Since 1997 between 192 and 374 individual plants have been observed on the site. Most of these individuals are seedlings or small juveniles. Southern California coastal wetland habitats have declined by 80–90% and those remaining are frequently degraded. Very little is known about the ecological requirements of this species.
This only known population of Ventura marsh milk-vetch is threatened by predation and potential habitat modification and may be susceptible to alterations in its hydrologic regime and competition from non-native plant species.
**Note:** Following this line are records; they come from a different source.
Lemma dps_mulE (f g : S) n : (f * g) n = \sum_(a < n.+1) f a * g (n - a)%N *+ 'C(n, a).
Proof. by []. Qed.

Lemma dps_oneE n : (1 : S) n = (n == 0)%:R.
Proof. by []. Qed.

End DividedPowerSeries.

Definition dp2 := dpseries (dpseries rat).

Lemma dmulE (f g : dpT) : dmul f g = (f : dp2) * g.
Proof.
apply/funext => i; apply/funext => j; rewrite dps_mulE dps_sumE /dmul.
apply: eq_bigr => a _; rewrite dps_natmulE dps_mulE -sumrMnl; apply: eq_bigr => b _.
by rewrite -mulrnA -mulrA mulr_natl mulnC.
Qed.

Lemma dp2_zeroE i j : (0 : dp2) i j = 0.
Proof. by []. Qed.

Lemma dp2_addE (f g : dp2) i j : (f + g) i j = f i j + g i j.
Proof. by []. Qed.

Lemma dp2_oppE (f : dp2) i j : (- f) i j = - f i j.
Proof. by []. Qed.

Lemma dp2_natrME n (f : dp2) i j : (n%:R * f) i j = n%:R * f i j.
Proof. by rewrite mulr_natl !dps_natmulE mulr_natl. Qed.

Lemma dp2_sumE I (r : seq I) (P : pred I) (F : I -> dp2) i j :
  (\sum_(k <- r | P k) F k) i j = \sum_(k <- r | P k) F k i j.
Proof. by rewrite !dps_sumE. Qed.

Lemma dp2_mulE (f g : dp2) i j : (f * g) i j =
  \sum_(a < i.+1) \sum_(b < j.+1) ('C(i, a) * 'C(j, b))%:R * f a b * g (i - a)%N (j - b)%N.
Proof. by rewrite -dmulE. Qed.

Lemma sum_ord_delta (R : pzSemiRingType) n a (F : nat -> R) :
  \sum_(k < n) (k == a :> nat)%:R * F k = (a < n)%N%:R * F a.
Proof.
have [an|na] := ltnP a n; last first.
  by rewrite big1 ?mul0r // => k _; rewrite ltn_eqF ?mul0r // (leq_trans (ltn_ord k)).
rewrite (bigD1 (Ordinal an)) //= eqxx !mul1r big1 ?addr0 // => k /negbTE.
by rewrite -val_eqE /= => ->; rewrite mul0r.
Qed.

Definition dmon (a b : nat) : dp2 := fun i j => ((i == a) && (j == b))%:R.

Lemma x1_dmon : x1 = dmon 1 0.
Proof. by apply/funext => i; apply/funext => j; rewrite /x1 /dmon; case: (_ && _). Qed.

Lemma y1_dmon : y1 = dmon 0 1.
Proof. by apply/funext => i; apply/funext => j; rewrite /y1 /dmon; case: (_ && _). Qed.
The California Department of Fish and Game (CDFG) (now California Department of Fish and Wildlife - CDFW) is working closely with the landowner, the USFWS and other interested parties to identify areas that may be suitable for introducing Ventura marsh milk-vetch as part of recovery for the species. Greenhouse studies on this species are ongoing, as well as research to learn more about the ecological requirements of this species.
In late 1998, David Magney, on behalf of the California Native Plant Society, submitted a petition to the California Fish and Game Commission to list the Ventura Marsh Milkvetch as an endangered species pursuant to the California Endangered Species Act. The petition was accepted as complete and the variety was formally listed as Endangered by the California Fish and Game Commission in 2000. It was subsequently formally listed by the USFWS as Endangered pursuant to the federal Endangered Species Act in 2001.